When I wonder why food has such a presence in her work, she turns the question just a little: "You mean, why do I like it so much?" We're at Fix Coffee on Echo Park Avenue and she has ordered a shot of espresso in a tall cup. Now, she takes a carton of rice milk from her big black satchel and fills the cup to the top. The ideal life, she muses, would include reading, writing, cooking, playing with dogs. Then she reminds me that because she's not actually religious, food and its preparation are evidence of a kind of spirituality, having to do with the urge to nourish and connect. "All those herbs that grow in the ground," she says, "they're so beautiful. And chocolate -- who thought of chocolate? Who figured out what to do with that bean?"
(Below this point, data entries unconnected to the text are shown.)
(* For every integer $k\ge 2$, $$F_v(J_{2k+1},J_{2k+1};2k+1)\le 5\,F_v(J_{k+1},J_{k+1};k+1).$$
   Context: All graphs are finite and simple. $J_n$ denotes the complete graph $K_n$ with one edge removed. ''A graph $F$ contains $H$'' means $F$ has a (not necessarily induced) subgraph isomorphic to $H$. $G\rightarrow(H_1,\dots,H_r)^v$ means: for every partition $V(G)=X_1\cup\dots\cup X_r$ there is $i$ such that the subgraph induced by $X_i$ contains $H_i$. $\mathcal{F}_v(H_1,\dots,H_r;k)$ is the set of $K_k$-free graphs $G$ with $G\rightarrow(H_1,\dots,H_r)^v$, and $F_v(H_1,\dots,H_r;k)$ is the minimum number of vertices of a graph in this set. *)

From mathcomp Require Import all_boot.
Set Implicit Arguments. Unset Strict Implicit. Unset Printing Implicit Defensive.

Record graph := Graph {
  gsize : nat;
  gadj : rel 'I_gsize;
  gsym : symmetric gadj;
  girr : irreflexive gadj
}.

(* The subgraph of G induced by X contains H: there is an injective map from
   V(H) into X sending edges of H to edges of G (not necessarily induced). *)
Definition contains_in (G : graph) (X : {set 'I_(gsize G)}) (H : graph) : Prop :=
  exists f : 'I_(gsize H) -> 'I_(gsize G),
    [/\ injective f,
        (forall v, f v \in X) &
        (forall u v, gadj u v -> gadj (f u) (f v))].

Definition contains (G H : graph) : Prop := contains_in [set: 'I_(gsize G)] H.

Definition K_adj (n : nat) : rel 'I_n := fun i j => i != j.
Lemma K_sym n : symmetric (@K_adj n).
Proof. by move=> i j; rewrite /K_adj eq_sym. Qed.
Lemma K_irr n : irreflexive (@K_adj n).
Proof. by move=> i; rewrite /K_adj eqxx. Qed.
Definition K (n : nat) : graph := Graph (@K_sym n) (@K_irr n).

(* J_n = K_n minus the edge {0,1}. *)
Definition J_adj (n : nat) : rel 'I_n :=
  fun i j => (i != j) &&
    ~~ (((val i == 0) && (val j == 1)) || ((val i == 1) && (val j == 0))).
Lemma J_sym n : symmetric (@J_adj n).
Proof. move=> i j; rewrite /J_adj eq_sym; by case: (val i == 0); case: (val i == 1); case: (val j == 0); case: (val j == 1). Qed.
Lemma J_irr n : irreflexive (@J_adj n).
Proof. by move=> i; rewrite /J_adj eqxx. Qed.
Definition J (n : nat) : graph := Graph (@J_sym n) (@J_irr n).

Definition Kfree (k : nat) (G : graph) : Prop := ~ contains G (K k).

(* G -> (H1, H2)^v : every 2-partition V(G) = X1 ∪ X2 (X2 = complement of X1)
   has X1 inducing a copy of H1 or X2 inducing a copy of H2. *)
Definition varrows2 (G H1 H2 : graph) : Prop :=
  forall X : {set 'I_(gsize G)}, contains_in X H1 \/ contains_in (~: X) H2.

Definition in_Fv2 (H1 H2 : graph) (k : nat) (G : graph) : Prop :=
  Kfree k G /\ varrows2 G H1 H2.

Definition is_Fv2 (H1 H2 : graph) (k m : nat) : Prop :=
  (exists G, in_Fv2 H1 H2 k G /\ gsize G = m) /\
  (forall G, in_Fv2 H1 H2 k G -> m <= gsize G).

From mathcomp Require Import all_boot zify.
From Stdlib Require Import Classical.
Set Implicit Arguments. Unset Strict Implicit. Unset Printing Implicit Defensive.

(* The witness is the lexicographic product C5[G] of the 5-cycle with an
   extremal graph G for F_v(J_{k+1}, J_{k+1}; k+1): every vertex of C5 is
   blown up to a copy of G, and copies at adjacent vertices are completely
   joined.  As C5 is triangle-free, a clique of C5[G] meets at most two
   adjacent copies, each in at most k vertices, so C5[G] has no K_{2k+1}.
   Given a 2-colouring of C5[G], each copy contains a J_{k+1} in one of the
   colours; as C5 is an odd cycle, two adjacent copies do so in the same
   colour, and J_{k+1} completely joined to K_k contains J_{2k+1}. *)

Section GraphOfRelation.

Variables (T : finType) (r : rel T) (r_sym : symmetric r) (r_irr : irreflexive r).

Definition graph_of_adj : rel 'I_#|T| := fun i j => r (enum_val i) (enum_val j).

Lemma graph_of_sym : symmetric graph_of_adj.
Proof. by move=> i j; rewrite /graph_of_adj r_sym. Qed.

Lemma graph_of_irr : irreflexive graph_of_adj.
Proof. by move=> i; rewrite /graph_of_adj r_irr. Qed.

Definition graph_of : graph := Graph graph_of_sym graph_of_irr.

Lemma graph_of_contains_in (Y : {set T}) (X : {set 'I_(gsize graph_of)})
    (H : graph) (F : 'I_(gsize H) -> T) :
  (forall t, (enum_rank t \in X) = (t \in Y)) ->
  injective F -> (forall v, F v \in Y) -> (forall u v, gadj u v -> r (F u) (F v)) ->
  contains_in X H.
Proof.
move=> XY F_inj FY F_adj; exists (fun v => enum_rank (F v)); split.
- by move=> u v /enum_rank_inj /F_inj.
- by move=> v; rewrite XY.
- by move=> u v /F_adj; rewrite /= /graph_of_adj !enum_rankK.
Qed.

Lemma graph_of_contains (H : graph) : contains graph_of H ->
  exists F : 'I_(gsize H) -> T, injective F /\ (forall u v, gadj u v -> r (F u) (F v)).
Proof.
move=> [f [f_inj _ f_adj]]; exists (fun v => enum_val (f v)); split.
- by move=> u v /enum_val_inj /f_inj.
- by move=> u v /f_adj.
Qed.

End GraphOfRelation.

Lemma contains_K_of_clique (G : graph) (T : finType) (A : {set T})
    (phi : T -> 'I_(gsize G)) n :
  n <= #|A| -> {in A &, forall x y, x != y -> gadj (phi x) (phi y)} -> contains G (K n).
Proof.
move=> n_le clA; pose e (i : 'I_n) := enum_val (widen_ord n_le i).
have eA i : e i \in A by apply: enum_valP.
have e_adj u v : u != v -> gadj (phi (e u)) (phi (e v)).
  move=> uv; apply: clA; rewrite ?eA //.
  by apply: contra uv => /eqP /enum_val_inj /(congr1 val) /= /val_inj ->.
exists (fun i => phi (e i)); split.
- move=> u v euv; apply/eqP; apply: contraT => uv.
  by have := e_adj u v uv; rewrite euv girr.
- by move=> v; rewrite in_setT.
- exact: e_adj.
Qed.

Section LexicographicProduct.

Variables (T : finType) (r : rel T) (r_sym : symmetric r) (G : graph).

Definition lexprod_adj : rel (T * 'I_(gsize G)) :=
  fun p q => if p.1 == q.1 then gadj p.2 q.2 else r p.1 q.1.

Lemma lexprod_sym : symmetric lexprod_adj.
Proof.
move=> [a u] [b v]; rewrite /lexprod_adj /=.
by have [_|_] := eqVneq a b; [apply: gsym | apply: r_sym].
Qed.

Lemma lexprod_irr : irreflexive lexprod_adj.
Proof. by move=> [a u]; rewrite /lexprod_adj /= eqxx girr. Qed.

Definition lexprod : graph := graph_of lexprod_sym lexprod_irr.

Lemma card_lexprod : gsize lexprod = #|T| * gsize G.
Proof. by rewrite /= card_prod card_ord. Qed.

Definition block (W : {set T * 'I_(gsize G)}) (i : T) : {set 'I_(gsize G)} :=
  [set v | (i, v) \in W].

Lemma lexprod_clique_in_block_le k n (F : 'I_n -> T * 'I_(gsize G))
    (B : {set 'I_n}) (c : T) :
  Kfree k.+1 G -> (forall u v, u != v -> lexprod_adj (F u) (F v)) ->
  (forall x, x \in B -> (F x).1 = c) -> #|B| <= k.
Proof.
move=> G_Kfree F_clique FB; rewrite leqNgt; apply/negP => k_lt; apply: G_Kfree.
apply: (contains_K_of_clique (phi := fun x => (F x).2) k_lt) => x y xB yB xy.
by have := F_clique x y xy; rewrite /lexprod_adj !FB // eqxx.
Qed.

Lemma lexprod_Kfree k : (forall a b c, r a b -> r b c -> r a c -> False) ->
  Kfree k.+1 G -> Kfree (2 * k).+1 lexprod.
Proof.
move=> r_triangle_free G_Kfree /graph_of_contains [F [F_inj F_adj]].
have F_clique u v : u != v -> lexprod_adj (F u) (F v) by move/F_adj.
pose A := [set x | (F x).1 == (F ord0).1].
have A_le : #|A| <= k.
  apply: (lexprod_clique_in_block_le (c := (F ord0).1) G_Kfree F_clique).
  by move=> x /[!inE] /eqP.
have AC_le : #|~: A| <= k.
  have [->|[c cAC]] := set_0Vmem (~: A); first by rewrite cards0.
  apply: (lexprod_clique_in_block_le (c := (F c).1) G_Kfree F_clique) => x xAC.
  apply/eqP; apply: contraT => xc.
  have outside y : y \in ~: A -> y != ord0 /\ (F y).1 != (F ord0).1.
    by rewrite !inE => yA; split=> //; apply: contra yA => /eqP ->.
  have [c0 ac] := outside c cAC; have [x0 ax] := outside x xAC.
  have cx : c != x by apply: contra xc => /eqP ->.
  have := F_clique _ _ cx; have := F_clique _ _ c0; have := F_clique _ _ x0.
  rewrite /lexprod_adj (negbTE ax) (negbTE ac) eq_sym (negbTE xc).
  by move=> rx0 rc0 rcx; case: (r_triangle_free _ _ _ rcx rx0 rc0).
by move: A_le AC_le; have := cardsC A; rewrite card_ord /=; lia.
Qed.

(* Vertices 0..k go to the J_{k+1} in block i, which holds the missing edge
   {0,1}; vertices k+1..2k go to vertices 1..k of the J_{k+1} in block j,
   which induce a K_k. *)
Lemma lexprod_join_J k (W : {set T * 'I_(gsize G)}) (i j : T) :
  r i j -> i != j ->
  contains_in (block W i) (J k.+1) -> contains_in (block W j) (J k.+1) ->
  exists F : 'I_(2 * k).+1 -> T * 'I_(gsize G),
    [/\ injective F, (forall v, F v \in W) &
        (forall u v, @J_adj (2 * k).+1 u v -> lexprod_adj (F u) (F v))].
Proof.
move=> rij ij [f [f_inj fW f_adj]] [g [g_inj gW g_adj]].
pose F (x : 'I_(2 * k).+1) :=
  if x <= k then (i, f (inord x)) else (j, g (inord (x - k))).
have x_lt (x : 'I_(2 * k).+1) : x < (2 * k).+1 := ltn_ord x.
exists F; split.
- move=> u v; rewrite /F; have u_lt := x_lt u; have v_lt := x_lt v.
  case: (leqP u k) => uk; case: (leqP v k) => vk [].
  + by move=> /f_inj /(congr1 val) /=; rewrite !inordK // => /val_inj.
  + by move=> eij; rewrite eij eqxx in ij.
  + by move=> eji; rewrite eji eqxx in ij.
  + move=> /g_inj /(congr1 val) /=; rewrite !inordK; [|lia|lia].
    by move=> uv; apply: val_inj => /=; lia.
- move=> v; rewrite /F; case: leqP => _.
  + by have := fW (inord v); rewrite inE.
  + by have := gW (inord (v - k)); rewrite inE.
- move=> u v; rewrite /= /J_adj -val_eqE /= /F => uv.
  have u_lt := x_lt u; have v_lt := x_lt v.
  case: (leqP u k) => uk; case: (leqP v k) => vk; rewrite /lexprod_adj /=.
  + by rewrite eqxx; apply: f_adj; rewrite /= /J_adj -val_eqE /= !inordK //; lia.
  + by rewrite (negbTE ij).
  + by rewrite eq_sym (negbTE ij) r_sym.
  + by rewrite eqxx; apply: g_adj; rewrite /= /J_adj -val_eqE /= !inordK; lia.
Qed.

Lemma lexprod_arrows k : irreflexive r ->
  (forall P : T -> Prop, exists i j, r i j /\ (P i <-> P j)) ->
  varrows2 G (J k.+1) (J k.+1) -> varrows2 lexprod (J (2 * k).+1) (J (2 * k).+1).
Proof.
move=> r_irr mono_edge G_arrows X.
pose Y : {set T * 'I_(gsize G)} := [set t | enum_rank t \in X].
have XY t : (enum_rank t \in X) = (t \in Y) by rewrite inE.
have XYC t : (enum_rank t \in ~: X) = (t \in ~: Y) by rewrite !inE.
have blockC i : ~: block Y i = block (~: Y) i by apply/setP => v; rewrite !inE.
have [i [j [rij Yij]]] := mono_edge (fun i => contains_in (block Y i) (J k.+1)).
have ij : i != j by apply: contraTneq rij => ->; rewrite r_irr.
have [Yi|notYi] := classic (contains_in (block Y i) (J k.+1)).
  have [F [F_inj FW F_adj]] := lexprod_join_J rij ij Yi (proj1 Yij Yi).
  by left; apply: (graph_of_contains_in (r_irr := lexprod_irr) (H := J (2 * k).+1)
    XY F_inj FW F_adj).
have YC_of_notY l : ~ contains_in (block Y l) (J k.+1) ->
    contains_in (block (~: Y) l) (J k.+1).
  by rewrite -blockC => notYl; case: (G_arrows (block Y l)).
have [F [F_inj FW F_adj]] := lexprod_join_J rij ij (YC_of_notY _ notYi)
  (YC_of_notY _ (fun Yj => notYi (proj2 Yij Yj))).
by right; apply: (graph_of_contains_in (r_irr := lexprod_irr) (H := J (2 * k).+1)
  XYC F_inj FW F_adj).
Qed.

End LexicographicProduct.

Definition C5_adj : rel 'I_5 := fun a b => (a.+1 %% 5 == b) || (b.+1 %% 5 == a).

Lemma C5_sym : symmetric C5_adj.
Proof. by move=> a b; rewrite /C5_adj orbC. Qed.

Lemma C5_irr : irreflexive C5_adj.
Proof. by case=> [[|[|[|[|[|?]]]]] ?]. Qed.

Lemma C5_triangle_free (a b c : 'I_5) : C5_adj a b -> C5_adj b c -> C5_adj a c -> False.
Proof.
by case: a => [[|[|[|[|[|?]]]]] ?]; case: b => [[|[|[|[|[|?]]]]] ?];
  case: c => [[|[|[|[|[|?]]]]] ?].
Qed.

Lemma C5_monochromatic_edge (P : 'I_5 -> Prop) :
  exists i j, C5_adj i j /\ (P i <-> P j).
Proof.
apply: NNPP => no_mono_edge.
have split_edge i j : C5_adj i j -> ~ (P i <-> P j).
  by move=> ij Pij; apply: no_mono_edge; exists i, j.
pose v n (n_lt : n < 5) : 'I_5 := Ordinal n_lt.
have := split_edge (v 0 isT) (v 1 isT) isT; have := split_edge (v 1 isT) (v 2 isT) isT.
have := split_edge (v 2 isT) (v 3 isT) isT; have := split_edge (v 3 isT) (v 4 isT) isT.
have := split_edge (v 4 isT) (v 0 isT) isT.
have := classic (P (v 0 isT)); have := classic (P (v 1 isT)).
have := classic (P (v 2 isT)); have := classic (P (v 3 isT)).
have := classic (P (v 4 isT)).
tauto.
Qed.

Lemma is_Fv2_exists_le H1 H2 n m :
  (exists G, in_Fv2 H1 H2 n G /\ gsize G = m) -> exists a, is_Fv2 H1 H2 n a /\ a <= m.
Proof.
elim/ltn_ind: m => m IHm Gm.
have [[G [G_in G_lt]]|no_smaller] :=
  classic (exists G, in_Fv2 H1 H2 n G /\ gsize G < m).
  have [a [Fa a_le]] := IHm _ G_lt (ex_intro _ G (conj G_in erefl)).
  by exists a; split=> //; apply: leq_trans a_le (ltnW G_lt).
exists m; split=> //; split=> // G G_in; rewrite leqNgt; apply/negP => G_lt.
by apply: no_smaller; exists G.
Qed.

Theorem mainTheorem3 (k : nat) (hk : 2 <= k) (b : nat) :
  is_Fv2 (J k.+1) (J k.+1) k.+1 b ->
  exists a, is_Fv2 (J (2 * k).+1) (J (2 * k).+1) (2 * k).+1 a /\ a <= 5 * b.
Proof.
move=> [[G [[G_Kfree G_arrows] <-]] _].
apply: is_Fv2_exists_le; exists (lexprod C5_sym G); split.
  split; first exact: lexprod_Kfree C5_triangle_free G_Kfree.
  exact: lexprod_arrows C5_irr C5_monochromatic_edge G_arrows.
by rewrite card_lexprod card_ord.
Qed.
These are the kinds of questions Gerstler thinks about, the kinds that inhabit her poems. Addressing a misunderstood child, she wonders, "[I]f our thoughts and feelings were soup or stew, would they taste / of bile when we're defeated and be flavored / faintly with grace on better days?" Of a "Dear Departed" friend, she asks, "Did earth melt you down and chug you / like fortified wine?"

Gerstler knew she was a poet in the third grade, she recalls, sitting at the counter behind the barrista, somehow cutting through the roar of the blender to be heard. "I wrote a poem about the hiccups," she says. And she recites:

Hiccups, hiccups, up they perk,

I would like to know where they lurk.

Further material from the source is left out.